EXERCISE DATA —
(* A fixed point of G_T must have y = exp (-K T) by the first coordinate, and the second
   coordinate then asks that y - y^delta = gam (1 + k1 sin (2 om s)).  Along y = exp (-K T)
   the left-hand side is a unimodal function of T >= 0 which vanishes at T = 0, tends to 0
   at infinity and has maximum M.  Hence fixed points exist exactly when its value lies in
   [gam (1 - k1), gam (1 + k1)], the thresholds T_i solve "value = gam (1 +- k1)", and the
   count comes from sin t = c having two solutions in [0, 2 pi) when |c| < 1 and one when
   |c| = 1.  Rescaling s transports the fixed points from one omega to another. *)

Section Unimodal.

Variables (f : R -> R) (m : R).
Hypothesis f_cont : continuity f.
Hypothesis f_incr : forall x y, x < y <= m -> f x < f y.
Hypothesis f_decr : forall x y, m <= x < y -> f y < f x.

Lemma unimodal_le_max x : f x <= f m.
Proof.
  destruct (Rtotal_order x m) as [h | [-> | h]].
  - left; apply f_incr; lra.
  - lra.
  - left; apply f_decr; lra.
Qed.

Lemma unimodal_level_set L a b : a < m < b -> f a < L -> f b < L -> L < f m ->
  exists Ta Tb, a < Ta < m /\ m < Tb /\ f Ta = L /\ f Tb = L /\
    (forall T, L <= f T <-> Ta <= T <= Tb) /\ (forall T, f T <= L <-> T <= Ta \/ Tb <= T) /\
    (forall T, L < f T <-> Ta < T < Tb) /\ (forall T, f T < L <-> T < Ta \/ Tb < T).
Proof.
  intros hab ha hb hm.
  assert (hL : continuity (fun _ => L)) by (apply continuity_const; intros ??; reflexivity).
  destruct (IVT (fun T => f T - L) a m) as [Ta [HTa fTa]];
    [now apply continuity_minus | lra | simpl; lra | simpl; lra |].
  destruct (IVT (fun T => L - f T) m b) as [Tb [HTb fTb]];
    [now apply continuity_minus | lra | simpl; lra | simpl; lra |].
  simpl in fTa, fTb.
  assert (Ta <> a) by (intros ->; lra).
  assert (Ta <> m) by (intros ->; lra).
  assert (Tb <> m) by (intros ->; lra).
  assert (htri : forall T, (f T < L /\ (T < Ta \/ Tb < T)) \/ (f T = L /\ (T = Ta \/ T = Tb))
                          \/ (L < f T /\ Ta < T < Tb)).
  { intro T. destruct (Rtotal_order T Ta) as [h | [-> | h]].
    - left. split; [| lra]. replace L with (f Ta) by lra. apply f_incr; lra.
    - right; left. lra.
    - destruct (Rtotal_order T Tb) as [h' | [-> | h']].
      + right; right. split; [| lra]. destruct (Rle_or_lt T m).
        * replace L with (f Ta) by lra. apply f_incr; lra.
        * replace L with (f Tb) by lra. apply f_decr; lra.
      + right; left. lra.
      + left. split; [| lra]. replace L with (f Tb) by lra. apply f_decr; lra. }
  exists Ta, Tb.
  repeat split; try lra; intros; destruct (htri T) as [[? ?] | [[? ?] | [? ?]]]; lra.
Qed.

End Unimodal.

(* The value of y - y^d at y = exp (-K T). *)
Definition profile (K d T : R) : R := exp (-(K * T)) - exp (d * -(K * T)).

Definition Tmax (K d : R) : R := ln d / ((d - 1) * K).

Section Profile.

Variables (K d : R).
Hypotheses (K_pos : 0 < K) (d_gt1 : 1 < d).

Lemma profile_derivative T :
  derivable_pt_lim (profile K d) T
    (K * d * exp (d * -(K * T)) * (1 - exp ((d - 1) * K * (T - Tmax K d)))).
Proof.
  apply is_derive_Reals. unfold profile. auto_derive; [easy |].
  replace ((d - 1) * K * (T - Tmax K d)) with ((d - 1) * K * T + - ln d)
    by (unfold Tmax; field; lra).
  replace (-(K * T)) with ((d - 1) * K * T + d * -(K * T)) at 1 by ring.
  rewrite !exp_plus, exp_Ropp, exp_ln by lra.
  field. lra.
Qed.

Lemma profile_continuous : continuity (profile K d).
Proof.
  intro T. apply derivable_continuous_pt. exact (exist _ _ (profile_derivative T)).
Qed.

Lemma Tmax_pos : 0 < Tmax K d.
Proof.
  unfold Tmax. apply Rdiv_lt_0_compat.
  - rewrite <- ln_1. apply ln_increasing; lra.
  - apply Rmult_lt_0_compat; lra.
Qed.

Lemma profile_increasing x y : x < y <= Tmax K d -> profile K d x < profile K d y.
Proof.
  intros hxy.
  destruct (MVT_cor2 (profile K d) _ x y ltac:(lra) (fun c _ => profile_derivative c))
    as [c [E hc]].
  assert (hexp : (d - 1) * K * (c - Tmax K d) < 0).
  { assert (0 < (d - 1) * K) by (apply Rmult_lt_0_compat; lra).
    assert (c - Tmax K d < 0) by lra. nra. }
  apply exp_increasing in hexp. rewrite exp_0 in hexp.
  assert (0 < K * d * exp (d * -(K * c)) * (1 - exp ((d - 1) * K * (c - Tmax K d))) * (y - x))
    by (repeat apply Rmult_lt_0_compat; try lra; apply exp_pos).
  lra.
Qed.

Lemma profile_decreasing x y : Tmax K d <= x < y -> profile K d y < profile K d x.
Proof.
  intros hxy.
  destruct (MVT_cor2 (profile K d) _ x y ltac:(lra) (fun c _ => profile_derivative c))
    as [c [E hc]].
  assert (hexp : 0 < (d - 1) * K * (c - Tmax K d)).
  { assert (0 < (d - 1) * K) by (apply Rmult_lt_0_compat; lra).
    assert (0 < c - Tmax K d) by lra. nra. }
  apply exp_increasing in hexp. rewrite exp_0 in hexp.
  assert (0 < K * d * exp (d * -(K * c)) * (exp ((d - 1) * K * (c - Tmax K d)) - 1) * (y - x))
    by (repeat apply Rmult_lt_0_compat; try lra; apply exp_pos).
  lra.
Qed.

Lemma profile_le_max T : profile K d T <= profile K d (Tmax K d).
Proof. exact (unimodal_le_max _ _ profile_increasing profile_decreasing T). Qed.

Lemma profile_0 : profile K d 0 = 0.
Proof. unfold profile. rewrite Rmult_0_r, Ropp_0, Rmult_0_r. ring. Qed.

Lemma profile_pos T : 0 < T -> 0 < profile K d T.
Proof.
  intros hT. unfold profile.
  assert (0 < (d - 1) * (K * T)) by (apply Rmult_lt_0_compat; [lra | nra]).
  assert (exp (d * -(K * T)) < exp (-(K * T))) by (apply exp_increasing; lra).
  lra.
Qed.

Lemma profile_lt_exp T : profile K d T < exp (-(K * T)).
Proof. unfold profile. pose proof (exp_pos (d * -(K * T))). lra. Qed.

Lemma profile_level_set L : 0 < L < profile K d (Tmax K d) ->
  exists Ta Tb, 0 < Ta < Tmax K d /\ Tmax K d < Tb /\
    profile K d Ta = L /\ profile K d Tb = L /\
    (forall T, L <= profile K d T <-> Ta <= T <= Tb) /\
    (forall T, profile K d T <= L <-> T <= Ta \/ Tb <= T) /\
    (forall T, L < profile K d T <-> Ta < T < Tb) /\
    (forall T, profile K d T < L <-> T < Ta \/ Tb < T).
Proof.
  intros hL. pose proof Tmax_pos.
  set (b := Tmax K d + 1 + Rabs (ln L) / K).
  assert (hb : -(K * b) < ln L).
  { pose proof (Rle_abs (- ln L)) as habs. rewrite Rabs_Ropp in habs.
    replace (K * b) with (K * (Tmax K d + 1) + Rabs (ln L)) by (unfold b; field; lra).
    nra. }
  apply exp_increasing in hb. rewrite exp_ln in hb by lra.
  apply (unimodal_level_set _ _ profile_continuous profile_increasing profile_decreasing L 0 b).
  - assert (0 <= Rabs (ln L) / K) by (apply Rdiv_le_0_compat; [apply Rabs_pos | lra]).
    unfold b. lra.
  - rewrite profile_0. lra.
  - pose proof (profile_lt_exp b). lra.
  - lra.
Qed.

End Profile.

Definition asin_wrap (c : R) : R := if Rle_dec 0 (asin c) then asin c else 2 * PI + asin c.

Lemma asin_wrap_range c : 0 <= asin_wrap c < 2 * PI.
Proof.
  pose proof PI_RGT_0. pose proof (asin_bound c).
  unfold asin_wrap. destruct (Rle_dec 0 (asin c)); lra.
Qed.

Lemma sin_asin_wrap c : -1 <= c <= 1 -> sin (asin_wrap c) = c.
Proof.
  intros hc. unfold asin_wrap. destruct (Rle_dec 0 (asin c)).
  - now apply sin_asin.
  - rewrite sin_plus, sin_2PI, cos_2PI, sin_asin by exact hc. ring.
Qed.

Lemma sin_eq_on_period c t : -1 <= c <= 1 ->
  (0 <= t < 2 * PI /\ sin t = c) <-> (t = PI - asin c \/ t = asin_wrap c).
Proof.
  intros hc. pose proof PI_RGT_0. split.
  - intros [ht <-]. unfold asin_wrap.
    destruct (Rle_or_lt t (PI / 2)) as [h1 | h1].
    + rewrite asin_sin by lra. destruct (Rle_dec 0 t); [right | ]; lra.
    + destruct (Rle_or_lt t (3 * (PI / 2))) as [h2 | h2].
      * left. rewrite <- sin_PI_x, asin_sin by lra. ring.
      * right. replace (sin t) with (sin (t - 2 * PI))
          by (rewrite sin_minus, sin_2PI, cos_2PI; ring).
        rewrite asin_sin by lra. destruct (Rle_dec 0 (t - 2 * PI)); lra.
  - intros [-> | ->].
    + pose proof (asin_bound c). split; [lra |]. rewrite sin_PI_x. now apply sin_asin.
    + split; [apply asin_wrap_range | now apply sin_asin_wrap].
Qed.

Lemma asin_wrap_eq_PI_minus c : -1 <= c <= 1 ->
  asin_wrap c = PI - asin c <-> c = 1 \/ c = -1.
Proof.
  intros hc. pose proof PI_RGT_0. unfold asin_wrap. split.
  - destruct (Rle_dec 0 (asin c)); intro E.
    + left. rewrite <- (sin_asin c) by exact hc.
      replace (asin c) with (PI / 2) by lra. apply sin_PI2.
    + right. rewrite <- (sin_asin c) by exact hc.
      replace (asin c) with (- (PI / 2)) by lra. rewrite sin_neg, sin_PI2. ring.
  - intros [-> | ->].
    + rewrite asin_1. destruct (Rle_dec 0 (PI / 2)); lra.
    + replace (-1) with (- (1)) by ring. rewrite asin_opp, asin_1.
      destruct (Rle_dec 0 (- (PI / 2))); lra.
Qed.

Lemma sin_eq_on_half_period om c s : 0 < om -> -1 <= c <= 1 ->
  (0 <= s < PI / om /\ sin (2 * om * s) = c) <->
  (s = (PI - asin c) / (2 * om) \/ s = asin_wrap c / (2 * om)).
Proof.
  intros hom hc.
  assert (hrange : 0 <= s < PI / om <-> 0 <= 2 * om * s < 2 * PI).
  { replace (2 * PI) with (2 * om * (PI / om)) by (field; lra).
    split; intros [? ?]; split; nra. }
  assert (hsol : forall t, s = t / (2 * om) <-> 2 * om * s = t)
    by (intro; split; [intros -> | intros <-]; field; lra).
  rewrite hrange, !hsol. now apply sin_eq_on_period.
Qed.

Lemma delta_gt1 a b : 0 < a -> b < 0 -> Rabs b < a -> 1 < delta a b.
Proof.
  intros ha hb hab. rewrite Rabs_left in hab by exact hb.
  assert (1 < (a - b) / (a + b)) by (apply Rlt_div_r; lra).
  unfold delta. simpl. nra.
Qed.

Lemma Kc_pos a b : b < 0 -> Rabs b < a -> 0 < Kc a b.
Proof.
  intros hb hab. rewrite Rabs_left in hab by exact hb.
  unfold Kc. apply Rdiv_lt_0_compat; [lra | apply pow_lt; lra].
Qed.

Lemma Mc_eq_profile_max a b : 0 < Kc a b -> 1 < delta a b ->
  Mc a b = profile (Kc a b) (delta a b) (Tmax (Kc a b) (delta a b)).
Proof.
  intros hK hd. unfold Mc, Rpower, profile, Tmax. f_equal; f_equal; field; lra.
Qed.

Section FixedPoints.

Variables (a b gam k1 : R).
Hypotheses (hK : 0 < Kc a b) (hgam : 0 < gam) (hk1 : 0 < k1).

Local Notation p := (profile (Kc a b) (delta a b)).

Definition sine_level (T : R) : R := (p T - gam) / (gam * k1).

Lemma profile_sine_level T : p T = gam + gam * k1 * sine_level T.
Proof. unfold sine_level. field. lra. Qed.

EXERCISE —
Among the entries above, find every line holding "ring" and copy it.

WORKED SOLUTION —
  replace (-(K * T)) with ((d - 1) * K * T + d * -(K * T)) at 1 by ring.
Proof. unfold profile. rewrite Rmult_0_r, Ropp_0, Rmult_0_r. ring. Qed.
  - rewrite sin_plus, sin_2PI, cos_2PI, sin_asin by exact hc. ring.
      * left. rewrite <- sin_PI_x, asin_sin by lra. ring.
          by (rewrite sin_minus, sin_2PI, cos_2PI; ring).
      replace (asin c) with (- (PI / 2)) by lra. rewrite sin_neg, sin_PI2. ring.
    + replace (-1) with (- (1)) by ring. rewrite asin_opp, asin_1.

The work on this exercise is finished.